Verify each finding against current code. Fix only still-valid issues, skip the rest with a brief reason, keep changes minimal, and validate. In `@plugins/nemo-deployments/tests/unit/test_registry.py` around lines 35 - 53, Update _StubBackend methods to use concrete return types instead of Any: change signatures of get_logs to return nemo_deployments_plugin.backends.abc.LogResult and create_volume/read_volume_status/delete_volume to return nemo_deployments_plugin.backends.abc.VolumeStatusUpdate; add regular imports for LogResult and VolumeStatusUpdate at top of the test file (do not use TYPE_CHECKING or string types) and return the concrete instances as already constructed in the method bodies so the type hints match the returned objects.Source: Coding guidelines
🤖 Prompt for all review comments with AI agents
Verify each finding against current code. Fix only still-valid issues, skip the
rest with a brief reason, keep changes minimal, and validate.
Inline comments:
In `@plugins/nemo-deployments/pyproject.toml`:
- Around line 7-11: The dependencies list in pyproject.toml for the
nemo-deployments plugin is missing fastapi, causing runtime ModuleNotFoundError
when plugin API modules import it; update the [dependencies] block (the
dependencies = [...] list in pyproject.toml for the nemo-deployments package) to
include "fastapi" (optionally with a suitable version constraint, e.g. >=0.95)

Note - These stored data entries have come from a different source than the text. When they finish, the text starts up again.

(* Removing the last step of both paths gives a recurrence for M^{n,k}_{r,s}.  View
   functions on Z^3 as acted on by polynomials in the shifts X_n, X_r, X_s in (n, r, s).
   The determinant L(n,r,s) = C(n-1,r) C(n-1,s-1) - C(n-1,r-1) C(n-1,s), extended to Z^3
   with binomials of negative upper index, is killed by 1 - X_n (1 + X_r) (1 + X_s), which is
   the recurrence off the diagonal r = s, while each shared vertex on the diagonal costs
   T = X_n (1 + 2 X_r + X_r X_s); hence M^{n,k}_{r,s} = (T^k L)(n,r,s) and M^{n,0}_{r,s} = L.
   For A = 1 + X_n X_r - X_n X_s, B = 1 - X_n X_r - X_n X_s and C = X_n (1 + X_r X_s) both
   A - T and B - C equal 1 - X_n (1 + X_r) (1 + X_s), so T^k L = (A^k - B^k + C^k) L.
   Expanding binomially and using L(n,r,s) = (s-r)/n C(n,r) C(n,s) gives the formula. *)

(* The i-th vertices of two paths lie on the antidiagonal x + y = i, so a common vertex
   other than the origin is an index 1 <= i <= n at which the prefixes have equal counts. *)
Definition nmeet (P Q : seq bool) : nat :=
  count (fun i => count id (take i P) == count id (take i Q)) (iota 1 (size P)).

Definition meet_pairs n r s k : nat :=
  \sum_(P : n.-tuple bool) \sum_(Q : n.-tuple bool)
    [&& count id P == r, count id Q == s & nmeet P Q == k].
(* With ω = α₂ - α₁, let g₁ = p(α₂) - p(α₁) cos ω - p'(α₁) sin ω be the distance
   from γ(α₁) to L(α₂), and g₂ the distance from γ(α₂) to L(α₁). Then l_j sin ω = g_j,
   so R_j = g_j / (1 + cos ω). As functions of one angle the g_j solve h'' + h = p + p'' > 0,
   and Sturm comparison with sin and cos gives g_j > 0 and ∂R₁/∂α₂ > 0, while
   ∂R₁/∂α₁ < 0 and ∂R₂/∂α₂ > 0 are immediate. Now α' is the inverse of α₂ ↦ R₁(α, α₂),
   so ∂α'/∂R = 1 / ∂₂R₁ > 0, and α'' is defined implicitly by R₁(α', α'') = R₂(α, α'),
   whence ∂α''/∂R = (∂₂R₂(α, α') - ∂₁R₁(α', α'')) / ∂₂R₁(α', α'') · ∂α'/∂R > 0. *)

Lemma differentiable_pt_lim_eq f x y lx ly lx' ly' :
  differentiable_pt_lim f x y lx ly -> lx = lx' -> ly = ly' -> differentiable_pt_lim f x y lx' ly'.
Proof. intros H <- <-. exact H. Qed.

Lemma differentiable_pt_lim_swap f x y lx ly :
  differentiable_pt_lim f x y lx ly -> differentiable_pt_lim (fun u v => f v u) y x ly lx.
Proof.
  intros H eps. destruct (H eps) as [d Hd]. exists d. intros u v Hu Hv.
  rewrite Rmax_comm, Rplus_comm. exact (Hd v u Hv Hu).
Qed.

Lemma differentiable_pt_lim_proj2_0 f x y l :
  derivable_pt_lim f y l -> differentiable_pt_lim (fun _ v => f v) x y 0 l.
Proof.
  intro H. apply (differentiable_pt_lim_swap (fun u _ => f u)).
  exact (differentiable_pt_lim_proj1_0 f y x l H).
Qed.
Lemma subset_prob_indep l p E F A B : depends_on A E -> depends_on B F ->
  (forall x, In x l -> In x A -> In x B -> False) ->
  subset_prob l p (fun S => E S /\ F S) = subset_prob l p E * subset_prob l p F.
Proof.
  revert E F; induction l as [|x l IH]; intros E F HE HF Hdisj.
  - rewrite !subset_prob_nil. destruct (classic (E [])); destruct (classic (F [])).
    + rewrite !indicator_true; tauto || lra.
    + rewrite (indicator_false (E [] /\ F [])), (indicator_false (F [])); tauto || lra.
    + rewrite (indicator_false (E [] /\ F [])), (indicator_false (E [])); tauto || lra.
    + rewrite (indicator_false (E [] /\ F [])), (indicator_false (E [])); tauto || lra.
  - assert (Hdisj' : forall y, In y l -> In y A -> In y B -> False)
      by (intros y Hy; apply Hdisj; right; auto).
    rewrite !subset_prob_cons,
      (IH (fun S => E (x :: S)) (fun S => F (x :: S))), (IH E F);
      auto using depends_on_cons.
    destruct (classic (In x A)) as [HA|HA].
    + assert (HB : ~ In x B) by (intro; eapply Hdisj; eauto; left; auto).
      rewrite (subset_prob_ext l p (fun S => F (x :: S)) F)
        by (intros; apply (depends_on_cons_notin B); auto).
      ring.
    + rewrite (subset_prob_ext l p (fun S => E (x :: S)) E)
        by (intros; apply (depends_on_cons_notin A); auto).
      ring.
Qed.

Lemma subset_prob_in l p y : NoDup l -> In y l -> subset_prob l p (fun S => In y S) = p.
Proof.
  induction l as [|x l IH]; intros Hnd Hy; [destruct Hy|].
  inversion Hnd as [|? ? Hx Hl]; subst. rewrite subset_prob_cons.
  destruct (classic (y = x)) as [->|Hne].
  - rewrite (subset_prob_ext l p (fun S => In x (x :: S)) (fun _ => True))
      by (intros; simpl; tauto).
    rewrite (subset_prob_ext l p (fun S => In x S) (fun S => ~ True)).
    + pose proof (subset_prob_compl l p (fun _ => True)) as Hc.
      rewrite subset_prob_true in Hc |- *.
      replace (subset_prob l p (fun _ => ~ True)) with 0 by lra. ring.
    + intros S HS; split; [intros HxS _; apply Hx, HS; auto | tauto].
  - destruct Hy as [->|Hy]; [congruence|].
    rewrite (subset_prob_ext l p (fun S => In y (x :: S)) (fun S => In y S)).
    + rewrite IH; auto. ring.
    + intros S _; simpl; split; [intros [->|?]; [congruence | auto] | auto].
Qed.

so fastapi is installed at runtime alongside "nemo-platform",
"nemo-platform-plugin", and "pydantic>=2.10.6".
In `@plugins/nemo-deployments/README.md`:
- Around line 1-5: Add a top-level "Prerequisites" section before the existing
"# NeMo Deployments Plugin" content that lists required software and setup steps
(e.g., supported Python version, required package manager such as uv, NeMo
Platform runtime availability/configuration, any required environment variables
or credentials, and optional tooling like Docker/uv CLI if applicable); update
README.md to include this section title "Prerequisites" and concise bullet
points so readers know what must be installed or configured before continuing.
- Around line 15-18: Add a "Next Steps" section at the end of
plugins/nemo-deployments/README.md titled "Next Steps" that provides cross-links
to the plugin's API reference, the backend implementation guide (reference
AIRCORE-756, AIRCORE-757, AIRCORE-758), and any other related plugin
documentation; place it immediately after the setup/test commands shown (the uv
sync / pytest block), include one-line descriptions for each link (what the
reader will find there), and ensure links are relative or to the canonical docs
site consistent with other plugin READMEs.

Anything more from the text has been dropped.